Harassed by Zheng’s scandals, the SFDA has taken a series of steps to clean up its drug evaluation and approval process, including switching important positions every three years; re-evaluating formerly approved medicines; forbidding SFDA officials to join banquets relevant to their business; and banning them from accepting small gifts worth as little as 200 yuan (?13). 

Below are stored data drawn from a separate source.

(* Let $m\ge1$, $n\ge1$, fix $t_0\in\mathbb{Z}^m$ and let $\mathcal{Z}=\{t\in\mathbb{Z}^m\mid t\ge t_0\}$. Let $T=(T_1,\dots,T_m)\in\mathbb{N}^m$, $T\ne0$. Let $A_\alpha\colon\mathcal{Z}\to\mathcal{M}_n(\mathbb{C})$, $\alpha\in\{1,\dots,m\}$, satisfy $$A_\alpha(t+1_\beta)A_\beta(t)=A_\beta(t+1_\alpha)A_\alpha(t),\quad \forall t\in\mathcal{Z},\ \forall\alpha,\beta,$$ and suppose $A_\alpha(t)$ is invertible for all $\alpha$ and all $t\in\mathcal{Z}$. Let $\Phi(t)=\chi(t,t_0)$, $t\in\mathcal{Z}$. Assume there exist a function $P\colon\mathcal{Z}\to\mathcal{M}_n(\mathbb{C})$ and constant invertible matrices $B_1,\dots,B_m\in\mathcal{M}_n(\mathbb{C})$ such that $P(t+T_\alpha\cdot1_\alpha)=P(t)$ for all $t\in\mathcal{Z}$ and all $\alpha$, $B_\alpha B_\beta=B_\beta B_\alpha$ for all $\alpha,\beta$, and $\Phi(t)=P(t)B_1^{t^1}\cdots B_m^{t^m}$ for all $t\ge t_0$. Consider the recurrences $$x(t+1_\alpha)=A_\alpha(t)x(t),\quad\forall t\ge t_0,\ \forall\alpha\in\{1,\dots,m\},\qquad (1)$$ $$y(t+1_\alpha)=B_\alpha y(t),\quad\forall t\ge t_0,\ \forall\alpha\in\{1,\dots,m\},\qquad (2)$$ for functions $x,y\colon\mathcal{Z}\to\mathbb{C}^n$. Then (each $P(t)$ being invertible) if $y$ is a solution of (2), then $x(t):=P(t)y(t)$ is a solution of (1); and conversely, if $x$ is a solution of (1), then $y(t):=P(t)^{-1}x(t)$ is a solution of (2).
   Context: $\mathbb{N}=\{0,1,2,\dots\}$; $1_\alpha\in\mathbb{Z}^m$ has $1$ in position $\alpha$ and $0$ elsewhere; $s\le t$ in $\mathbb{Z}^m$ means $s^\alpha\le t^\alpha$ for all $\alpha$; $t=(t^1,\dots,t^m)$. Under the compatibility relations, for each $s\in\mathcal{Z}$ there is a unique $\chi(\cdot,s)\colon\{t\in\mathcal{Z}\mid t\ge s\}\to\mathcal{M}_n(\mathbb{C})$ with $\chi(s,s)=I_n$ and $\chi(t+1_\alpha,s)=A_\alpha(t)\chi(t,s)$ for all $t\ge s$ and all $\alpha$ (the transition matrix). Negative integer powers of invertible matrices are powers of the inverse. *)

From HB Require Import structures.
From mathcomp Require Import all_boot all_order all_algebra.
From mathcomp Require Import reals complex.
Set Implicit Arguments. Unset Strict Implicit. Unset Printing Implicit Defensive.
Import Order.TTheory GRing.Theory Num.Theory.
Local Open Scope ring_scope.

(* points of Z^m, coordinates indexed by 'I_m (alpha = 1..m  <->  'I_m) *)
Definition pt (m : nat) := {ffun 'I_m -> int}.

Definition unit_pt (m : nat) (a : 'I_m) : pt m := [ffun b => ((b == a) : nat)%:Z].

Definition shift (m : nat) (t : pt m) (a : 'I_m) (k : int) : pt m :=
  [ffun b => t b + (if b == a then k else 0)].

Definition le_pt (m : nat) (s t : pt m) : Prop := forall a : 'I_m, s a <= t a.

Definition is_solution (C : ringType) (m n : nat) (t0 : pt m)
  (A : 'I_m -> pt m -> 'M[C]_n) (x : pt m -> 'cV[C]_n) : Prop :=
  forall t, le_pt t0 t -> forall a : 'I_m, x (shift t a 1) = A a t *m x t.

(* Phi = chi(., t0): the transition matrix, i.e. the (unique) function with
   chi(t0,t0) = I and chi(t+1_a, t0) = A_a(t) chi(t, t0) for all t >= t0 and all a *)
Definition is_transition_from (C : ringType) (m n : nat) (t0 : pt m)
  (A : 'I_m -> pt m -> 'M[C]_n) (Phi : pt m -> 'M[C]_n) : Prop :=
  Phi t0 = 1%:M /\
  forall t, le_pt t0 t -> forall a : 'I_m, Phi (shift t a 1) = A a t *m Phi t.

(* Q t := B_1^{t^1} ... B_m^{t^m} satisfies Q(t + 1_a) = B_a Q(t) because the B_a commute,
   and the transition matrix is invertible since it is a product of the invertible A_a.
   Hence from Phi = P Q the defining recurrence of Phi becomes the intertwining relation
   A_a(t) P(t) = P(t + 1_a) B_a, and P(t) is invertible; the intertwining relation
   transports solutions of y(t + 1_a) = B_a y(t) to solutions of (1) and back. *)
From HB Require Import structures.
From mathcomp Require Import all_boot all_order all_algebra.
From mathcomp Require Import reals complex.
From mathcomp Require Import zify.
Set Implicit Arguments. Unset Strict Implicit. Unset Printing Implicit Defensive.
Import Order.TTheory GRing.Theory Num.Theory.
Local Open Scope ring_scope.

Section Lattice.
Variables (m : nat) (t0 : pt m).

Definition height (t : pt m) : nat := (\sum_b `|t b - t0 b|%N)%N.

Lemma le_pt_shift1 t a : le_pt t0 t -> le_pt t0 (shift t a 1).
Proof. by move=> ht b; rewrite ffunE; have := ht b; case: (b == a) => /=; lia. Qed.

Lemma height0_eq t : height t = 0%N -> t = t0.
Proof.
move/eqP; rewrite sum_nat_eq0 => /forallP h0; apply/ffunP => b.
by move: (h0 b) => /implyP/(_ isT); rewrite absz_eq0 subr_eq0 => /eqP.
Qed.

Lemma le_pt_shift_pred t : le_pt t0 t -> t <> t0 ->
  exists s a, [/\ le_pt t0 s, shift s a 1 = t & height s < height t]%N.
Proof.
move=> ht ntt0.
have [a lt_a] : exists a, t0 a < t a.
  case: (pickP (fun a => t0 a < t a)) => [a ha|hn]; first by exists a.
  by case: ntt0; apply/ffunP => b; have := hn b; have := ht b => /= ? ?; lia.
exists (shift t a (-1)), a; split.
- by move=> b; rewrite ffunE; have := ht b; case: eqP => [->|_] /=; lia.
- by apply/ffunP => b; rewrite !ffunE; case: (b == a) => /=; lia.
rewrite /height (bigD1 a) //= [X in (_ < X)%N](bigD1 a) //=.
rewrite (eq_bigr (fun b => `|t b - t0 b|%N)); last first.
  by move=> b /negbTE hb; rewrite ffunE hb addr0.
by rewrite ffunE eqxx; move: lt_a; set S := (\sum_(i < m | i != a) _)%N; lia.
Qed.

Lemma le_pt_ind (Q : pt m -> Prop) :
  Q t0 -> (forall s a, le_pt t0 s -> Q s -> Q (shift s a 1)) ->
  forall t, le_pt t0 t -> Q t.
Proof.
move=> Q0 QS t; elim: {t}(height t) {-2}t (leqnn (height t)) => [|k IH] t hk ht.
  by move: hk; rewrite leqn0 => /eqP/height0_eq ->.
have [->|ntt0] := eqVneq t t0; first exact: Q0.
have [s [a [hs ets lt_st]]] := le_pt_shift_pred ht (elimN eqP ntt0).
rewrite -ets; apply: QS (IH s _ hs) => //; rewrite -ltnS; exact: leq_trans lt_st hk.
Qed.

End Lattice.

Lemma transition_unitmx (C : comUnitRingType) (m n : nat) (t0 : pt m)
    (A : 'I_m -> pt m -> 'M[C]_n) (Phi : pt m -> 'M[C]_n) :
  (forall t, le_pt t0 t -> forall a, A a t \in unitmx) ->
  is_transition_from t0 A Phi -> forall t, le_pt t0 t -> Phi t \in unitmx.
Proof.
move=> hAinv [Phi0 PhiS]; apply: le_pt_ind; first by rewrite Phi0 unitmx1.
by move=> s a hs hu; rewrite PhiS // unitmx_mul hAinv.
Qed.

Section MultiPower.
Variables (R : unitRingType) (m : nat) (B : 'I_m -> R).
Hypothesis B_unit : forall a, B a \is a GRing.unit.
Hypothesis B_comm : forall a b, GRing.comm (B a) (B b).

Definition mpow (t : pt m) : R := \prod_(a < m) B a ^ t a.

Lemma mpow_unit t : mpow t \is a GRing.unit.
Proof.
apply: (big_ind (fun x => x \is a GRing.unit)) => [|x y hx hy|b _].
- exact: unitr1.
- by rewrite unitrMl.
- exact: unitrXz.
Qed.

Lemma mpow_shift1 t a : mpow (shift t a 1) = B a * mpow t.
Proof.
rewrite /mpow (eq_bigr (fun b => B b ^ t b * (if b == a then B a else 1))); last first.
  move=> b _; rewrite ffunE exprzDr //.
  by case: eqP => [->|_]; rewrite ?expr1z ?expr0z.
rewrite prodrM_comm; last first.
  move=> b c _ _; case: (c == a); last exact: commr1.
  exact/commr_sym/commrXz.
rewrite -big_mkcond big_pred1_eq.
by apply/commr_sym/commr_prod => b _; apply/commrXz.
Qed.

End MultiPower.

Section Intertwining.
Variables (C : comUnitRingType) (m n : nat) (t0 : pt m).
Variables (A : 'I_m -> pt m -> 'M[C]_n) (B : 'I_m -> 'M[C]_n) (P : pt m -> 'M[C]_n).
Hypothesis intertwine : forall t, le_pt t0 t -> forall a,
  A a t *m P t = P (shift t a 1) *m B a.

Lemma solution_intertwine y :
  is_solution t0 (fun a _ => B a) y -> is_solution t0 A (fun t => P t *m y t).
Proof. by move=> hy t ht a; rewrite hy // !mulmxA intertwine. Qed.

Lemma solution_intertwine_inv x :
  (forall t, le_pt t0 t -> P t \in unitmx) ->
  is_solution t0 A x -> is_solution t0 (fun a _ => B a) (fun t => invmx (P t) *m x t).
Proof.
move=> P_unit hx t ht a; rewrite hx // mulmxA.
have -> : A a t = P (shift t a 1) *m B a *m invmx (P t).
  by rewrite -intertwine // mulmxK // P_unit.
by rewrite !mulmxA mulVmx ?mul1mx // P_unit //; apply: le_pt_shift1.
Qed.

End Intertwining.

Lemma floquet_intertwine (C : comUnitRingType) (m n : nat) (t0 : pt m)
    (A : 'I_m -> pt m -> 'M[C]_n.+1) (Phi P : pt m -> 'M[C]_n.+1)
    (B : 'I_m -> 'M[C]_n.+1) :
  (forall t, le_pt t0 t -> forall a, A a t \in unitmx) ->
  is_transition_from t0 A Phi ->
  (forall a, B a \in unitmx) -> (forall a b, B a *m B b = B b *m B a) ->
  (forall t, le_pt t0 t -> Phi t = P t *m mpow B t) ->
  (forall t, le_pt t0 t -> P t \in unitmx) /\
  (forall t, le_pt t0 t -> forall a, A a t *m P t = P (shift t a 1) *m B a).
Proof.
move=> hAinv hPhi B_unit B_comm Phi_eq.
have B_comm' a b : GRing.comm (B a) (B b) by rewrite /GRing.comm -!mulmxE.
have Q_unit := mpow_unit B_unit.
split=> [t ht | t ht a].
  have := transition_unitmx hAinv hPhi ht.
  by rewrite Phi_eq // mulmxE -[_ \in unitmx]/(_ \is a GRing.unit) unitrMl.
apply: (mulIr (Q_unit t)); rewrite -!mulmxE -mulmxA -Phi_eq //.
rewrite -mulmxA mulmxE -mpow_shift1 // -mulmxE -Phi_eq; last exact: le_pt_shift1.
by rewrite hPhi.2.
Qed.

Theorem theorem2p12 (R : realType) (m n : nat) (hm : (0 < m)%N) (t0 : pt m)
  (T : 'I_m -> nat) (hT : exists a : 'I_m, T a <> 0%N)
  (A : 'I_m -> pt m -> 'M[R[i]]_n.+1)
  (hcomp : forall t, le_pt t0 t -> forall a b : 'I_m,
      A a (shift t b 1) *m A b t = A b (shift t a 1) *m A a t)
  (hAinv : forall t, le_pt t0 t -> forall a : 'I_m, A a t \in unitmx)
  (Phi : pt m -> 'M[R[i]]_n.+1) (hPhi : is_transition_from t0 A Phi)
  (P : pt m -> 'M[R[i]]_n.+1) (B : 'I_m -> 'M[R[i]]_n.+1)
  (hPper : forall t, le_pt t0 t -> forall a : 'I_m, P (shift t a (T a)%:Z) = P t)
  (hBinv : forall a : 'I_m, B a \in unitmx)
  (hBcomm : forall a b : 'I_m, B a *m B b = B b *m B a)
  (hFloquet : forall t, le_pt t0 t -> Phi t = P t *m \prod_(a < m) (B a ^ (t a))) :
  (forall t, le_pt t0 t -> P t \in unitmx) /\
  (forall y : pt m -> 'cV[R[i]]_n.+1, is_solution t0 (fun a _ => B a) y ->
      is_solution t0 A (fun t => P t *m y t)) /\
  (forall x : pt m -> 'cV[R[i]]_n.+1, is_solution t0 A x ->
      is_solution t0 (fun a _ => B a) (fun t => invmx (P t) *m x t)).
Proof.
have [P_unit intertwine] := floquet_intertwine hAinv hPhi hBinv hBcomm hFloquet.
by split=> //; split; [exact: solution_intertwine | move=> x; exact: solution_intertwine_inv].
Qed.
Lemma in_span_sum (I : finType) (Q : pred I) (F : I -> {set 'I_n} -> R) :
  (forall i, Q i -> in_span (F i)) -> in_span (fun S => \sum_(i | Q i) F i S).
Proof.
move=> spanF; suff: forall r, in_span (fun S => \sum_(i <- r | Q i) F i S) by apply.
elim=> [|i r IH]; first by apply: (in_span_ext in_span0) => S _; rewrite big_nil.
case Qi: (Q i).
  by apply: (in_span_ext (in_spanD (spanF i Qi) IH)) => S _; rewrite big_cons Qi.
by apply: (in_span_ext IH) => S _; rewrite big_cons Qi.
Qed.

Lemma in_span_up h : in_span (up k.-1 h).
Proof.
exists h, (fun _ => 0) => S _.
by rewrite big1 ?addr0 // => p _; rewrite mul0r.
Qed.

Lemma in_span_perm2 p : p \in perm2 n k -> in_span (chi k (pairs_of p) set0).
Proof.
move=> pP; exists (fun _ => 0), (fun q => (q == p)%:R) => S _.
rewrite /up big1 ?add0r // (bigD1 p) //= eqxx mul1r big1 ?addr0 //.
by move=> q /andP[_ /negbTE->]; rewrite mul0r.
Qed.

Lemma perm2_of_pairs s : uniq (pair_elems s) -> size s = k ->
  exists2 p, p \in perm2 n k & pairs_of p = s.
Proof.
move=> Us /eqP sz; pose p := [ffun i => tnth (Tuple sz) i].
have Ep : pairs_of p = s by rewrite /pairs_of (eq_map (ffunE _)) map_tnth_enum.
by exists p; rewrite ?perm2E Ep.
Qed.

Lemma chi_in_span s A : uniq (pair_elems s) -> [disjoint pair_elems s & A] ->
  (size s + #|A|)%N = k -> in_span (chi k s A).
Proof.
move: {2}#|A| (erefl #|A|) => m; elim: m s A => [|m IH] s A cA Us dA cK.
  rewrite (cards0_eq cA); rewrite cA addn0 in cK.
  by have [p pP <-] := perm2_of_pairs Us cK; apply: in_span_perm2.
have [q qA] : exists q, q \in A by apply/set0Pn; rewrite -card_gt0 cA.
set A0 := A :\ q; set Y := [set z | (z \notin pair_elems s) && (z \notin A)].
have cA0 : #|A0| = m by move: cA; rewrite (cardsD1 q) qA add1n => -[].
have qs : q \notin pair_elems s by rewrite (disjointFl dA qA).
have dA0 : [disjoint pair_elems s & A0] by apply: disjointWr dA; apply: subD1set.
have k_gt0 : (0 < k)%N by rewrite -cK cA addnS.
have upE S : #|S| = k ->
    up k.-1 (chi k.-1 s A0) S = chi k s A S + \sum_(y in Y) chi k s (y |: A0) S.
  move=> cS; rewrite up_chi ?prednK // (bigD1 q) /=; last by rewrite qs setD11.
  rewrite setD1K //; congr (_ + _); apply: eq_bigl => z; rewrite !inE.
  by case: (z =P q) => [->|]; rewrite ?qA ?andbF ?andbT.
have spanY y : y \in Y -> in_span (chi k ((q, y) :: s) A0).
  rewrite inE => /andP[ys yA]; have qy : q != y by apply: contraNneq yA => <-.
  apply: IH; rewrite ?pair_elems_cons ?disjoint_cons //=.
  - by rewrite !inE negb_or qy qs ys.
  - by rewrite /A0 !inE eqxx /= (negbTE yA) andbF.
  - by rewrite cA0 addSn -addnS -cA.
apply: (in_span_ext (in_spanZ #|Y|.+1%:R^-1
  (in_spanD (in_span_up (chi k.-1 s A0)) (in_span_sum spanY)))) => S cS.
rewrite (eq_bigr (fun y => chi k s A S - chi k s (y |: A0) S)) => [|y _]; last first.
  by rewrite /= setD1K.
rewrite upE // sumrB sumr_const addrACA subrr addr0 -mulrS.
by rewrite -[chi k s A S *+ _]mulr_natl mulKf ?pnatr_eq0.
Qed.

Lemma in_span_all g : in_span g.
Proof.
have spanA A : #|A| == k -> in_span (fun S => g A * chi k [::] A S).
  by move=> /eqP cA; apply/in_spanZ/chi_in_span; rewrite ?cA //; apply: eq_disjoint0.
apply: (in_span_ext (in_span_sum spanA)) => S cS.
rewrite (bigD1 S) ?cS //= big1 => [|A /andP[/eqP cA AS]].
  by rewrite cS eqxx subxx mulr1 addr0.
by rewrite cS eqxx subset_card_eq ?cA ?cS // (negbTE AS) mulr0.
Qed.

Lemma chi_perm2_orthogonal_up p h : (0 < k)%N -> p \in perm2 n k ->
  \sum_S chi k (pairs_of p) set0 S * up k.-1 h S = 0.
Proof.
move=> k_gt0 pP; rewrite (@sum_mul_up k.-1 k) => [|S]; last exact: chi_card.
apply: big1 => T /eqP cT.
have := @down_chi k.-1 (pairs_of p) set0 T; rewrite prednK // big_set0 => -> //.
- by rewrite mulr0.
- by rewrite -perm2E.
- by rewrite disjoint_sym; apply: eq_disjoint0 => z; rewrite inE.
- by rewrite size_map size_enum_ord cards0 addn0.
Qed.

Lemma up_image_of_orthogonal f : (0 < k)%N ->
    (forall p, p \in perm2 n k -> \sum_S chi k (pairs_of p) set0 S * f S = 0) ->
  exists h, forall S, #|S| = k -> f S = up k.-1 h S.
Proof.
move=> k_gt0 perp_f; have [h [c fE]] := in_span_all f.
pose g S := \sum_(p in perm2 n k) c p * chi k (pairs_of p) set0 S.
suff g0 X : g X = 0 by exists h => S cS; rewrite fE // -/(g S) g0 addr0.
have perp_g F : (forall p, p \in perm2 n k -> \sum_S chi k (pairs_of p) set0 S * F S = 0) ->
    \sum_S g S * F S = 0.
  move=> perp_F; under eq_bigr do rewrite mulr_suml; rewrite exchange_big big1 // => p pP.
  by under eq_bigr do rewrite -mulrA; rewrite -mulr_sumr perp_F ?mulr0.
have : \sum_S g S ^+ 2 = 0.
  transitivity (\sum_S g S * (f S - up k.-1 h S)).
    apply: eq_bigr => S _; case: (eqVneq #|S| k) => [cS|cS].
      by rewrite fE // addrAC subrr add0r expr2.
    by rewrite /g big1 ?expr2 ?mul0r // => p _; rewrite chi_card ?mulr0.
  under eq_bigr do rewrite mulrBr.
  by rewrite sumrB !perp_g ?subrr // => p pP; apply: chi_perm2_orthogonal_up.
by move/(psumr_eq0P (fun S _ => sqr_ge0 (g S)))/(_ X isT)/eqP; rewrite sqrf_eq0 => /eqP.
Qed.

End Span.
End Levels.

Unset Implicit Arguments.

Theorem lemma2p7 (R : realType) (n k : nat) (hk : (0 < k)%N) (hn : (2 * k <= n)%N)
  (f : {set 'I_n} -> R) :
  weight k k f = 0 <->
  exists h : {set 'I_n} -> R, forall S : {set 'I_n}, #|S| = k ->
    f S = \sum_(T : {set 'I_n} | (T \subset S) && (#|T| == k.-1)) h T.
Proof.
split=> [/weight_eq0P perp_f | [h fE]].
  by apply: up_image_of_orthogonal => // p pP; rewrite -sum_admissible ?perp_f.
apply/weight_eq0P => p pP; rewrite sum_admissible //.
apply: etrans (chi_perm2_orthogonal_up h hk pP); apply: eq_bigr => S _.
by case: (eqVneq #|S| k) => [/fE->|/chi_card->]; rewrite ?mul0r.
Qed.
(* The witness is the corestriction of [f] to the subgroup generated by its image. *)
Lemma onto_probe (A : finType) (P : finGroupType) (f : A -> P) :
  exists (S : finGroupType) (g : A -> S),
    (forall s, exists w : OmegaG A, om_val w g = s) /\
    (forall w w' : OmegaG A, om_val w g = om_val w' g -> om_val w f = om_val w' f).
Proof.
pose H := [group of <<f @: A>>].
have fH a : f a \in H by rewrite mem_gen ?imset_f.
exists (subg_of H), (fun a => subg H (f a)); split=> [s|w w' e]; last first.
  by rewrite !(om_val_subg fH) e.
have [||| w _ ew] := @gen_submonoid_eval _ _ f (fun _ => True) _ _ _ (sgval s) (subgP s) => //.
by exists w; apply: subg_inj; rewrite -om_val_subg.
Qed.

Section Derivations.
Variables (Sigma : pseudoid -> Prop) (A : finType).

Definition sigma1 : OmegaG A -> OmegaG A -> Prop := clos_trans _ (@sigma0 Sigma A).

Fixpoint tplug (t s : gterm A) : gterm A :=
  match t with
  | tHole => s
  | tConst w => tConst w
  | tMul t1 t2 => tMul (tplug t1 s) (tplug t2 s)
  | tOne => tOne A
  | tInv t1 => tInv (tplug t1 s)
  end.

Lemma teval_plug (t s : gterm A) x : teval (tplug t s) x = teval t (teval s x).
Proof. by elim: t => //= [t1 -> t2 ->|t1 ->]. Qed.

Lemma sigma0_context (t : gterm A) x y :
  sigma0 Sigma x y -> sigma0 Sigma (teval t x) (teval t y).
Proof.
case=> [-> | [B [u [v [phi [s [Suv phi_hom phi_cont -> ->]]]]]]]; first by left.
by right; exists B, u, v, phi, (tplug t s); rewrite !teval_plug.
Qed.

Lemma clos_trans_map (T : Type) (R : relation T) (F : T -> T) :
  (forall x y, R x y -> R (F x) (F y)) ->
  forall x y, clos_trans _ R x y -> clos_trans _ R (F x) (F y).
Proof.
move=> RF x y; elim=> [{}x {}y /RF|x1 y1 z1 _ IH1 _ IH2]; first exact: t_step.
exact: t_trans IH1 IH2.
Qed.

Lemma sigma1_refl x : sigma1 x x.
Proof. by apply: t_step; left. Qed.

Lemma sigma1_context (t : gterm A) x y : sigma1 x y -> sigma1 (teval t x) (teval t y).
Proof. exact/clos_trans_map/sigma0_context. Qed.

Lemma sigma1_mul x y x' y' : sigma1 x y -> sigma1 x' y' -> sigma1 (om_mul x x') (om_mul y y').
Proof.
move=> /(sigma1_context (tMul (tHole A) (tConst x'))) xy.
move=> /(sigma1_context (tMul (tConst y) (tHole A))) xy'.
exact: t_trans xy xy'.
Qed.

Lemma sigma1_mulr x y z : sigma1 x y -> sigma1 (om_mul x z) (om_mul y z).
Proof. by move/sigma1_mul; apply; apply: sigma1_refl. Qed.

’In the short term, the measures would stop those unqualified drug applications being approved,’ Hou told Chemistry World. ’However, the drugmakers’ struggle to get their generics ratified as new drugs could still create a strong incentive for them to bribe officials or seek other illegal strategies.’ 

Although few of China’s medicines are based on new compounds and biologics, Chinese pharmaceutical firms have been successful in registering their medicines as new drugs by changing their dosages and brand names. The loose definition of what makes a new drug - and the looser regulation on application in the SFDA’s drug registration regulations - has allowed pharmaceutical companies to brand many of their products as new, giving them greater pricing power. 

Peng Zhaohui, chairman of Shenzhen Sibiono, which developed the world’s first commercialised gene therapy in 2003, believes most Chinese drugmakers do not have the capacity to develop genuinely new pharmaceutical compounds or biologics. ’The SFDA should hire experts from the US FDA and European drug regulatory agencies to help them make more scientific and operable measures,’ Peng said. 

The SFDA’s new head Shao Liming told media in late March that his agency is revising the Drug Registration Regulation to tighten the criteria for new drugs.  

But Yu Zailin, president of Beijing Weiming Fortune Drug Research, cautions the revision could further increase the power of SFDA officials and enable some corrupted officials to seek new interests. ’The SFDA also needs to be supervised,’ Yu said.